Definitely an issue with the kmc_dump and then the intersection: with

/usr/bin/time python ${scriptsDir}/MakeStreamingDNADatabase.py filenames.txt TrainingDatabase.h5 -k 10
/usr/bin/time python ${scriptsDir}/StreamingQueryDNADatabase.py ${testOrganism} TrainingDatabase.h5 results.csv 10-10-1 --sensitive --intersect -c 0

and then checking:

grep -c '>' 10mers_intersection_dump.fa

you get 3 10-mers, which is totally not accurate since the testOrganism itself has way more than 3 10-mers.

dkoslicki commented 4 years ago

Indeed, it might be the kmc_tools simple intersect that's the problem since:

comm -1 -2 <(kmc_dump reads_10mers_dump /dev/fd/1 | cut -f1 | sort) <(grep -v '>' TrainingDatabase_dump.fa | sort) | wc -l

gives 689. I.e. if you dump the 10mers from the reads, dump the training database 10-mers, and count the ones in common, you get much more than 3...

dkoslicki commented 4 years ago

@IsaacT1123 So the -fa to -fm in Intersect.count_training_kmers() fixed one issue, so now tests work if you use a single k-mer size, but still don't pass if you use multiple k-mer sizes...

dkoslicki commented 4 years ago

@IsaacT1123 Finally figured out the issue, and it's "obvious" now that I see what happens: When intersecting the reads 21-mers with the training database 21-mers, you miss out on some k-mers with k<21 that are in the reads (those that aren't prefixes of some database 21-mer). Eg. the query file has the 11-mer "TGCCCTGTGGC" in it, but since this isn't a prefix of a 21-mer in the training database, it isn't a prefix of any 21-mer included in the 21mers_intersection_dump.fa file. Hence these smaller k-mer sizes (k<21) are undercounted. i.e. The KMC prefilter at this time should only be used when the training database is constructed with a k-mer size of K and the StreamingQueryDNADatabase.py is called with the k-range of `K-K-1. This explains why the above comment noted that things work for a single k-mer size.

I will need to think about if the KMC approach will work for multiple k-mer sizes. Thankfully, applications like Metalign (that only use a single k-mer size), are unaffected by this issue.

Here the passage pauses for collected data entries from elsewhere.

Lemma mulKg x y : x^-1 \* (x \* y) = y.
Proof. by rewrite gmulA gmulV gmul1. Qed.

Lemma mulKVg x y : x \* (x^-1 \* y) = y.
Proof. by rewrite gmulA mulgV gmul1. Qed.

Lemma invg_unique x y : x \* y = 1 -> x^-1 = y.
Proof. by move=> h; rewrite -(mulg1 (x^-1)) -h mulKg. Qed.

Lemma invgK x : (x^-1)^-1 = x.
Proof. exact/invg_unique/gmulV. Qed.

Lemma invMg x y : (x \* y)^-1 = y^-1 \* x^-1.
Proof. by apply: invg_unique; rewrite -gmulA mulKVg mulgV. Qed.

Lemma invg1 : 1^-1 = 1.
Proof. exact/invg_unique/gmul1. Qed.

Ltac group_norm := rewrite /gcomm /gconj;
  repeat rewrite ?invMg ?invgK ?invg1 ?gmul1 ?mulg1 -?gmulA ?mulKg ?mulKVg ?mulgV ?gmulV.

Lemma hall_witt x y z :
  gconj (gcomm (gcomm x y^-1) z) y \*
    (gconj (gcomm (gcomm y z^-1) x) z \* gconj (gcomm (gcomm z x^-1) y) x) = 1.
Proof. by group_norm. Qed.

Lemma commMgJ x y z : gcomm (x \* y) z = gconj (gcomm x z) y \* gcomm y z.
Proof. by group_norm. Qed.

Lemma commVg x y : gcomm x^-1 y = (gconj (gcomm x y) x^-1)^-1.
Proof. by group_norm. Qed.

Lemma commJg x y h : gcomm (gconj x h) y = gconj (gcomm x (gconj y h^-1)) h.
Proof. by group_norm. Qed.

Lemma conjRg x y h : gconj (gcomm x y) h = gcomm (gconj x h) (gconj y h).
Proof. by group_norm. Qed.

Lemma conjMg x y h : gconj (x \* y) h = gconj x h \* gconj y h.
Proof. by group_norm. Qed.

Lemma conj1g h : gconj 1 h = 1.
Proof. by group_norm. Qed.

Lemma conjVg x h : gconj x^-1 h = (gconj x h)^-1.
Proof. by group_norm. Qed.

Lemma conjgK x h : gconj (gconj x h) h^-1 = x.
Proof. by group_norm. Qed.

Lemma commgEl x y : gcomm x y = x^-1 \* gconj x y.
Proof. by group_norm. Qed.

Lemma commgEr x y : gcomm x y = gconj y^-1 x \* y.
Proof. by group_norm. Qed.

Lemma invg_comm x y : (gcomm x y)^-1 = gcomm y x.
Proof. by group_norm. Qed.

Lemma comm1g y : gcomm 1 y = 1.
Proof. by group_norm. Qed.

Lemma comml_linear_id k x p z :
  gcomm (k \* (x \* p)) z \* (gcomm x z \* gcomm p z)^-1 =
  gconj (gcomm k z) (x \* p) \* gconj (gcomm (gcomm x z) p) (gcomm x z)^-1.
Proof. by group_norm. Qed.

Lemma commr_linear_id k x p z :
  gcomm z (k \* (x \* p)) \* (gcomm z x \* gcomm z p)^-1 =
  gcomm (gcomm z p)^-1 (gcomm z x)^-1 \*
  gconj (gcomm (gcomm z x) p \* gconj (gcomm z k) (x \* p)) (gcomm z x \* gcomm z p)^-1.
Proof. by group_norm. Qed.

Lemma subgroup1 H : is_subgroup H -> H 1.
Proof. by case. Qed.

Lemma subgroupM H x y : is_subgroup H -> H x -> H y -> H (x \* y).
Proof. by case=> _ hM _; apply: hM. Qed.

Lemma subgroupV H x : is_subgroup H -> H x -> H x^-1.
Proof. by case=> _ _ hV; apply: hV. Qed.

Lemma normal_subgroup H : is_normal H -> is_subgroup H.
Proof. by case. Qed.

Lemma normalJ H x y : is_normal H -> H x -> H (gconj x y).
Proof. by case=> _ hJ; apply: hJ. Qed.

Lemma seteq_sub X Y : seteq X Y -> subset_of X Y.
Proof. by move=> hXY x /hXY. Qed.

Lemma seteq_sup X Y : seteq X Y -> subset_of Y X.
Proof. by move=> hXY x /hXY. Qed.

Lemma seteq_trans X Y Z : seteq X Y -> seteq Y Z -> seteq X Z.
Proof. by move=> hXY hYZ x; split=> [/hXY/hYZ|/hYZ/hXY]. Qed.

Lemma sub_antisym X Y : subset_of X Y -> subset_of Y X -> seteq X Y.
Proof. by move=> hXY hYX x; split; [apply: hXY | apply: hYX]. Qed.

Lemma gen_subgroup S : is_subgroup (gen S).
Proof.
split.
- by move=> H hH _; apply: subgroup1.
- by move=> x y hx hy H hH hS; apply: subgroupM => //; [apply: hx | apply: hy].
- by move=> x hx H hH hS; apply: subgroupV => //; apply: hx.
Qed.

Lemma mem_gen S x : S x -> gen S x.
Proof. by move=> hx H _ hS; apply: hS. Qed.

Lemma gen_min S H : is_subgroup H -> subset_of S H -> subset_of (gen S) H.
Proof. by move=> hH hS x hx; apply: hx. Qed.

Lemma gen_normal S : (forall x y, S x -> S (gconj x y)) -> is_normal (gen S).
Proof.
move=> hS; split; first exact: gen_subgroup.
move=> x h hx; have hgen := gen_subgroup S.
have hJ : is_subgroup (fun x => gen S (gconj x h)).
  split.
  - by rewrite /= conj1g; apply: subgroup1 hgen.
  - by move=> y z hy hz; rewrite /= conjMg; apply: subgroupM hgen _ _.
  - by move=> y hy; rewrite /= conjVg; apply: subgroupV hgen _.
by apply: (gen_min hJ) hx => y hy; apply: mem_gen; apply: hS.
Qed.

Definition relcent Y Z : gset G := fun x => forall y, Y y -> Z (gcomm x y).

Lemma relcent_subgroup Y Z : is_normal Z -> is_subgroup (relcent Y Z).
Proof.
move=> hZ; have hZs := normal_subgroup hZ; split.
- by move=> y _; rewrite comm1g; apply: subgroup1.
- move=> x1 x2 hx1 hx2 y hy; rewrite commMgJ.
  by apply: subgroupM hZs _ _; [apply: normalJ => //; apply: hx1 | apply: hx2].
- by move=> x hx y hy; rewrite commVg; apply: subgroupV hZs _; apply: normalJ => //; apply: hx.
Qed.

Lemma relcent_normal Y Z : is_normal Y -> is_normal Z -> is_normal (relcent Y Z).
Proof.
move=> hY hZ; split; first exact: relcent_subgroup.
by move=> x h hx y hy; rewrite commJg; apply: normalJ => //; apply: hx; apply: normalJ.
Qed.

Lemma comm_gen X Y Z : is_normal Z -> (forall x y, X x -> Y y -> Z (gcomm x y)) ->
  forall x y, gen X x -> gen Y y -> Z (gcomm x y).
Proof.
move=> hZ hXY; have hZs := normal_subgroup hZ.
have commC x y : Z (gcomm y x) -> Z (gcomm x y).
  by move=> /(subgroupV hZs); rewrite invg_comm.
have hX : subset_of (gen X) (relcent Y Z).
  by apply: gen_min; [exact: relcent_subgroup | move=> x hx y hy; apply: hXY].
have hY : subset_of (gen Y) (relcent (gen X) Z).
  by apply: gen_min; [exact: relcent_subgroup | move=> y hy x hx; apply/commC/hX].
by move=> x y hx hy; apply/commC/hY.
Qed.

Lemma mem_commsub X Y x y : X x -> Y y -> commsub X Y (gcomm x y).
Proof. by move=> hx hy; apply: mem_gen; exists x, y. Qed.

Lemma commsub_subgroup X Y : is_subgroup (commsub X Y).
Proof. exact: gen_subgroup. Qed.

Lemma commsub_min X Y H : is_subgroup H -> (forall x y, X x -> Y y -> H (gcomm x y)) ->
  subset_of (commsub X Y) H.
Proof. by move=> hH hXY; apply: gen_min => // _ [x [y [hx hy ->]]]; apply: hXY. Qed.

Lemma commsub_relcent X Y Z : is_normal Z ->
  subset_of (commsub X Y) Z <-> subset_of X (relcent Y Z).
Proof.
move=> hZ; split=> [hXY x hx y hy | hX]; first by apply: hXY; apply: mem_commsub.
by apply: commsub_min (normal_subgroup hZ) _ => x y /hX; apply.
Qed.

Lemma commsub_normal X Y : is_normal X -> is_normal Y -> is_normal (commsub X Y).
Proof.
move=> hX hY; apply: gen_normal => _ h [x [y [hx hy ->]]].
by rewrite conjRg; exists (gconj x h), (gconj y h); split => //; apply: normalJ.
Qed.

Lemma commsub_subl X Y : is_normal X -> subset_of (commsub X Y) X.
Proof.
move=> hX; have hXs := normal_subgroup hX.
apply: commsub_min => // x y hx _; rewrite commgEl.
by apply: subgroupM; [|apply: subgroupV|apply: normalJ].
Qed.

Lemma commsub_subr X Y : is_normal Y -> subset_of (commsub X Y) Y.
Proof.
move=> hY; have hYs := normal_subgroup hY.
apply: commsub_min => // x y _ hy; rewrite commgEr.
by apply: subgroupM => //; apply: normalJ => //; apply: subgroupV.
Qed.

Lemma commsubC X Y : subset_of (commsub X Y) (commsub Y X).
Proof.
apply: commsub_min; first exact: commsub_subgroup.
move=> x y hx hy; rewrite -invg_comm.
by apply: subgroupV (commsub_subgroup _ _) _; apply: mem_commsub.
Qed.

Lemma commsub_mono X Y X' Y' : subset_of X X' -> subset_of Y Y' ->
  subset_of (commsub X Y) (commsub X' Y').
Proof.
move=> hX hY; apply: commsub_min; first exact: commsub_subgroup.
by move=> x y hx hy; apply: mem_commsub; [apply: hX | apply: hY].
Qed.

luizirber commented 4 years ago

i.e. The KMC prefilter at this time should only be used when the training database is constructed with a k-mer size of K and the StreamingQueryDNADatabase.py is called with the k-range of `K-K-1.

I was using both 21-51-10 and K-K-1 in my tests and was seeing ~40% differences, I will stick with K-K-1 for the near future.

(even so, if you look at the table in this section there are some datasets with big differences to the ground truth...)

dkoslicki commented 4 years ago

@luizirber

i.e. The KMC prefilter at this time should only be used when the training database is constructed with a k-mer size of K and the StreamingQueryDNADatabase.py is called with the k-range of `K-K-1.

I was using both 21-51-10 and K-K-1 in my tests and was seeing ~40% differences, I will stick with K-K-1 for the near future.

(even so, if you look at the table in this section there are some datasets with big differences to the ground truth...)

  1. Please do note that that it is indeed expected that when using StreamingQueryDNADatabase.py <snip> bot-top-diff, then the containment index estimates for k-mer sizes bot <= k < top will indeed be off (sometimes significantly so) while k-mer size k=top will be at least as accurate as the manuscript bloom-filter approach.

Recall that last year when I presented this approach, I mentioned how when you take the prefix of a k-mer, it is not a truly random sample, but a biased sample. The theory has been worked out by how much this affects the containment index due to the bias, but unfortunately the theory says that the bias factor is data dependent. Hence why @ShaopengLiu1 is working on #20 to test this on realistic data sets. He too is seeing difference of roughly 10-30%, but it complete depends on what the actual containment index is (eg: very small or very high true containment index means k-mer sizes with bot <= k < top are better estimates). Hence also the proviso in the (very out of date) Readme.md. And hence also why this streaming, ternary search tree, multi-kmer size approach has not been published yet (only the non-streaming, bloom-filter approach). Details are still being worked out for the intermediate k-mer sizes bot <= k < top.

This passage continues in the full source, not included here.